Siesta was as planned that afternoon. Dinner was the usual favourites, but Crux was no longer in his room. It was only me, Chris and Ising in the living room. I praised Ising for being a good sport about Crux. Ising had told me a lot of urban legends when I was young, a lot of those stories includes dwarfs, engkantada, and engkanto. “I’m sorry I panicked. Those stories I told you when you were still young were not true. Those are the stories that came from my grandma too, passed on by the old generations. I never really thought it could be true. I mean there were stories, but you never believe unless you have seen and met them.” 

At 10 pm, I went back to my room. When I wake up tomorrow, it will be the sixteenth, and that means I only have four days left until Chris leaves me. I heard Chris knocked and entered the door. “Hey.” 
“Hey.” I sat up and turned on the lamp. “Can’t sleep?” 
“I think I would sleep better if I sleep next to you.” I thought for a while. The decision to sleep on separate bedroom was for me to figure things out between us. A month ago, I told him I needed the time to think about our relationship. “Just tonight, I promise,” he added. If this man is going to leave me in four days, why don’t I take this chance to be with him? What if I am not sure if I love him or not? What the hell, and who cares? Of course, I want him next to me. I need him to be here with me. 
“Come. Lay beside me.” 

The alarm rang waking us up. It’s 4 am. I reached my arm and clicked snooze. Under the cover, it felt comfortable. I wanted to sleep back again. But then Chris’ arms encircled my hips. His lips went to my ears, whispering, “Time to wake up.” 
“May I have five more minutes?” 
“If you do that, we won’t have time for coffee. And believe me, you’ll need a chance to warm up.” He kissed me behind my right ear. “Wake up, dear.” 
“What motivates you to do this, huh? What do you wish for?” 
“I don’t think I need to answer that. I believe the wish could be at the last mass, right?” 
“You really plan to complete this?” 
“Hey, I need your support on this.” He sat up and stretched his arms. “Wake up, sleepyhead.” 

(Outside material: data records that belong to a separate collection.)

(* Let $A$ be an associative commutative algebra with unit over a field $K$ of characteristic different from $2$ and $3$, let $\partial\in\operatorname{Der}(A)$, and suppose that $a\partial\ne0$ for every nonzero $a\in A$. Let $A\partial=\{a\partial : a\in A\}$, a Lie algebra of derivations with $[a\partial,b\partial]=(a\partial(b)-b\partial(a))\partial$. For $\chi\in A^*$ define $\Phi(\chi):A\partial\times A\partial\to K$ by $\Phi(\chi)(a\partial,b\partial)=\chi(ab)$. Then each $\Phi(\chi)$ is a commutative $2$-cocycle on $A\partial$, and $\chi\mapsto\Phi(\chi)$ is an injective linear map $A^*\to Z^2_{comm}(A\partial)$.
   Context: $Z^2_{comm}(L)$ is the space of symmetric bilinear forms $\varphi:L\times L\to K$ with $\varphi([x,y],z)+\varphi([z,x],y)+\varphi([y,z],x)=0$ for all $x,y,z\in L$. *)

From HB Require Import structures.
From mathcomp Require Import all_boot all_order all_algebra.
From Stdlib Require Import ClassicalEpsilon.
Set Implicit Arguments. Unset Strict Implicit. Unset Printing Implicit Defensive.
Import GRing.Theory.
Local Open Scope ring_scope.

Definition lin_fun (K : fieldType) (A : lmodType K) (f : A -> A) : Prop :=
  forall (c : K) (u v : A), f (c *: u + v) = c *: f u + f v.

Definition lin_form (K : fieldType) (A : lmodType K) (chi : A -> K) : Prop :=
  forall (c : K) (u v : A), chi (c *: u + v) = c * chi u + chi v.

Definition is_derivation (K : fieldType) (A : comAlgType K) (d : A -> A) : Prop :=
  lin_fun d /\ forall a b : A, d (a * b) = a * d b + d a * b.

Definition mulder (K : fieldType) (A : comAlgType K) (d : A -> A) (a : A) : A -> A :=
  fun x => a * d x.

Definition inAd (K : fieldType) (A : comAlgType K) (d : A -> A) (D : A -> A) : Prop :=
  exists a : A, D = mulder d a.

Definition opbr (K : fieldType) (A : comAlgType K) (D1 D2 : A -> A) : A -> A :=
  fun x => D1 (D2 x) - D2 (D1 x).

Definition opadd (K : fieldType) (A : comAlgType K) (D1 D2 : A -> A) : A -> A :=
  fun x => D1 x + D2 x.
Definition opscale (K : fieldType) (A : comAlgType K) (c : K) (D : A -> A) : A -> A :=
  fun x => c *: D x.

Definition Z2comm (K : fieldType) (A : comAlgType K) (d : A -> A)
    (phi : (A -> A) -> (A -> A) -> K) : Prop :=
  (forall x y, inAd d x -> inAd d y -> phi x y = phi y x) /\
  (forall (c : K) x y z, inAd d x -> inAd d y -> inAd d z ->
      phi (opadd (opscale c x) y) z = c * phi x z + phi y z) /\
  (forall (c : K) x y z, inAd d x -> inAd d y -> inAd d z ->
      phi z (opadd (opscale c x) y) = c * phi z x + phi z y) /\
  (forall x y z, inAd d x -> inAd d y -> inAd d z ->
      phi (opbr x y) z + phi (opbr z x) y + phi (opbr y z) x = 0).

(* The coefficient a of an element D = a∂ of A∂ (well defined when a |-> a∂ is injective). *)
Definition coefAd (K : fieldType) (A : comAlgType K) (d : A -> A) (D : A -> A) : A :=
  epsilon (inhabits (0 : A)) (fun a : A => D = mulder d a).

Definition Phi (K : fieldType) (A : comAlgType K) (d : A -> A) (chi : A -> K)
    (D1 D2 : A -> A) : K :=
  chi (coefAd d D1 * coefAd d D2).

From HB Require Import structures.
From mathcomp Require Import all_boot all_order all_algebra.
From Stdlib Require Import ClassicalEpsilon FunctionalExtensionality.
From mathcomp Require Import ring.
Import GRing.Theory.
Local Open Scope ring_scope.

(* Since a |-> a∂ is injective, Φ(χ)(a∂, b∂) = χ(ab) is well defined.  The
   bracket [a∂, b∂] = (a∂b - b∂a)∂ turns the cocycle identity into
   χ applied to (a∂b - b∂a)e + (e∂a - a∂e)b + (b∂e - e∂b)a, which vanishes
   identically in a commutative ring; bilinearity and symmetry come from those
   of the product.  Evaluating at b = 1 recovers χ from Φ(χ). *)

Section LinearForms.

Context {K : fieldType} {A : lmodType K} {chi : A -> K}.
Hypothesis chi_lin : lin_form chi.

Lemma lin_formD (u v : A) : chi (u + v) = chi u + chi v.
Proof. by rewrite -[u in LHS]scale1r chi_lin mul1r. Qed.

Lemma lin_form0 : chi 0 = 0.
Proof.
have chi00 := lin_formD 0 0; rewrite addr0 in chi00.
by apply: (@addrI _ (chi 0)); rewrite addr0 -chi00.
Qed.

End LinearForms.

Section MulDerivations.

Variables (K : fieldType) (A : comAlgType K) (d : A -> A).

Lemma opadd_scale_mulder (c : K) (a b : A) :
  opadd (opscale c (mulder d a)) (mulder d b) = mulder d (c *: a + b).
Proof.
apply: functional_extensionality => x.
by rewrite /opadd /opscale /mulder mulrDl scalerAl.
Qed.

Hypothesis d_Leibniz : forall u v : A, d (u * v) = u * d v + d u * v.

Lemma opbr_mulder (a b : A) :
  opbr (mulder d a) (mulder d b) = mulder d (a * d b - b * d a).
Proof.
apply: functional_extensionality => x.
by rewrite /opbr /mulder !d_Leibniz; ring.
Qed.

Hypothesis mulder_neq0 : forall a : A, a != 0 -> mulder d a <> (fun _ => 0).

Lemma mulder_inj : injective (mulder d).
Proof.
move=> a b eq_ab; apply/eqP; rewrite -subr_eq0; apply/negPn/negP => /mulder_neq0.
apply; apply: functional_extensionality => x.
by rewrite /mulder mulrBl -/(mulder d a x) eq_ab subrr.
Qed.

Lemma coefAd_mulder (a : A) : coefAd d (mulder d a) = a.
Proof.
have := epsilon_spec (inhabits (0 : A)) (fun b => mulder d a = mulder d b)
  (ex_intro _ a erefl).
by move/mulder_inj.
Qed.

Lemma Phi_mulder (chi : A -> K) (a b : A) :
  Phi d chi (mulder d a) (mulder d b) = chi (a * b).
Proof. by rewrite /Phi !coefAd_mulder. Qed.

Lemma Phi_Z2comm (chi : A -> K) : lin_form chi -> Z2comm d (Phi d chi).
Proof.
move=> chi_lin; split; last split; last split.
- by move=> x y [a ->] [b ->]; rewrite !Phi_mulder mulrC.
- move=> c x y z [a ->] [b ->] [e ->].
  by rewrite opadd_scale_mulder !Phi_mulder mulrDl -scalerAl chi_lin.
- move=> c x y z [a ->] [b ->] [e ->].
  by rewrite opadd_scale_mulder !Phi_mulder mulrDr -scalerAr chi_lin.
- move=> x y z [a ->] [b ->] [e ->].
  rewrite !opbr_mulder !Phi_mulder -!(lin_formD chi_lin).
  have -> : (a * d b - b * d a) * e + (e * d a - a * d e) * b
            + (b * d e - e * d b) * a = 0 by ring.
  exact: lin_form0.
Qed.

Lemma Phi_inj (chi1 chi2 : A -> K) :
  (forall x y, inAd d x -> inAd d y -> Phi d chi1 x y = Phi d chi2 x y) ->
  chi1 = chi2.
Proof.
move=> eq_Phi; apply: functional_extensionality => u.
have := eq_Phi (mulder d u) (mulder d 1) (ex_intro _ u erefl) (ex_intro _ 1 erefl).
by rewrite !Phi_mulder mulr1.
Qed.

End MulDerivations.

Theorem lemma2p4 (K : fieldType) (A : comAlgType K) (d : A -> A) :
  (2 \notin [pchar K])%N -> (3 \notin [pchar K])%N ->
  is_derivation d ->
  (forall a : A, a != 0 -> mulder d a <> (fun _ => 0)) ->
  (* Φ(χ) is given on generators by χ(ab) *)
  (forall chi : A -> K, forall a b : A,
      Phi d chi (mulder d a) (mulder d b) = chi (a * b)) /\
  (* each Φ(χ) lies in Z^2_comm(A∂) *)
  (forall chi : A -> K, lin_form chi -> Z2comm d (Phi d chi)) /\
  (* χ |-> Φ(χ) is linear *)
  (forall (c : K) (chi1 chi2 : A -> K), lin_form chi1 -> lin_form chi2 ->
     forall x y, inAd d x -> inAd d y ->
       Phi d (fun u => c * chi1 u + chi2 u) x y = c * Phi d chi1 x y + Phi d chi2 x y) /\
  (* χ |-> Φ(χ) is injective *)
  (forall chi1 chi2 : A -> K, lin_form chi1 -> lin_form chi2 ->
     (forall x y, inAd d x -> inAd d y -> Phi d chi1 x y = Phi d chi2 x y) ->
     chi1 = chi2).
Proof.
move=> _ _ [_ d_Leibniz] mulder_neq0.
split; first exact: Phi_mulder.
split; first exact: Phi_Z2comm.
split; first by [].
by move=> chi1 chi2 _ _; apply: Phi_inj.
Qed.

We went to the bathroom together to wash our faces and brush our teeth. When we went down, we found Ising wrapper in her bathrobe in the living room with two cups of coffee prepared. “You’re not joining us?” 
“I need more sleep because it’s going to be a long day for me, señorita.” 
“Why? What do you plan to do?” 
“I will be flying to Cebu for a few days, remember? I told you about this. I promised Angelina that I am going to spend Christmas with her this time.” 
“Oh yes, I remember. How could I forget? I’m sorry, I guess I’ll need to sip this coffee for now.” 
“Don’t worry; you’ll be fine. Chris is here and he'll take care of you.” 
“I just don’t know how the Noche Buena is going to be without you, Ising. Promise me you’ll leave the recipes.” 
“Already done, Felicia. It’s in the refrigerator.” 

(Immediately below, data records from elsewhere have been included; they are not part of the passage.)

Lemma gap_path_of_reach X m a p r : sorted ltn X ->
  reach X (omega_mul m a ++ [:: m]) p = Some r ->
  exists Y, [/\ path (gap [:: m]) p Y, {subset Y <= X} & large a Y].
Proof.
move=> sX; elim/(@above_ind X): p a r => p IH a r.
case/lastP: a => [|b k]; first by exists [::].
rewrite /omega_mul map_rcons -/(omega_mul m b) (reach_cat sX).
case Ey: (reach X [:: m] p) => [y|] // Hr.
have [yX py] := reach_in Ey isT.
have gap_py : gap [:: m] p y by rewrite /gap py (large_interval_oc_reach sX Ey).
suff [Y [gapY subY largeY]] : exists Y,
    [/\ path (gap [:: m]) y Y, {subset Y <= X} & large (fs (rcons b k) y) Y].
  exists (y :: Y); split => //=; first by rewrite gap_py.
  by move=> z /predU1P[-> | /subY].
have IHy := IH y y yX py (leqnn y).
case: k Hr => [|j] Hr; rewrite ?fs_rcons0 ?fs_rconsS.
  by rewrite add0n -cats1 in Hr; exact: IHy Hr.
rewrite addSn (reach_rcons sX) in Hr.
case E: (above y X) Hr => [|x L] // Hr.
have [_ yx] := above_head E; have d0 : 0 < x - y by rewrite subn_gt0.
(* At the next point x > y the last term ω^(j+m+1) becomes ω^(j+m)·x, which dominates
   ω^(j+m)·y + ω^m. *)
rewrite fs_rconsS (nseq_split _ (ltnW yx)) catA in Hr.
have [r' Hr'] := reach_cat_nseq_weaken sX (ltnW yx) d0 (leq_addl j m) Hr.
have e : omega_mul m b ++ nseq y (j + m) = omega_mul m (b ++ nseq y j).
  by rewrite /omega_mul map_cat map_nseq.
by rewrite e in Hr'; exact: IHy Hr'.
Qed.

After the morning coffee, we wore our sweaters and sneakers and started to walk to the Santa Barbara Church. It’s only a twenty-minute walk. It was chilly, and like yesterday morning, the sky was filled with a million of stars. Each one of them, holding a promise that everything is going to be alright. I looked at Chris who was beaming at the sky. “You need to watch where you’re walking, you know,” I reminded him. 
“Why should I? You would be there to catch me, right?” Before I answered to his teasing, I got distracted by people who were just coming out of their houses to walk to the Santa Barbara church. The Christmas tree wrapped in white lights, which we put in the middle of the Plaza still stood.The door of the church was open, where the melodious combination of the organ and the choir’s soft singing of “Hallelujah" made my throat hurts. Memories of Mom and Dad bringing me to church flashed and I got teary eyed. I wiped my eyes before Chris could see me. 

At the plaza, a few stands were selling Puto Bumbong or rice cakes inserted in small bamboo tubes. Covered with butter, Puto Bumbong is served in banana leaves. I wanted to drown from the smell of toasted Banana leaves from Bibingka, another type of rice cake that’s soft and spongy and cooked in clay pots. “This smells amazing!” Chris commented. 

“Come on, let’s have some. We still have ten minutes until the mass starts.”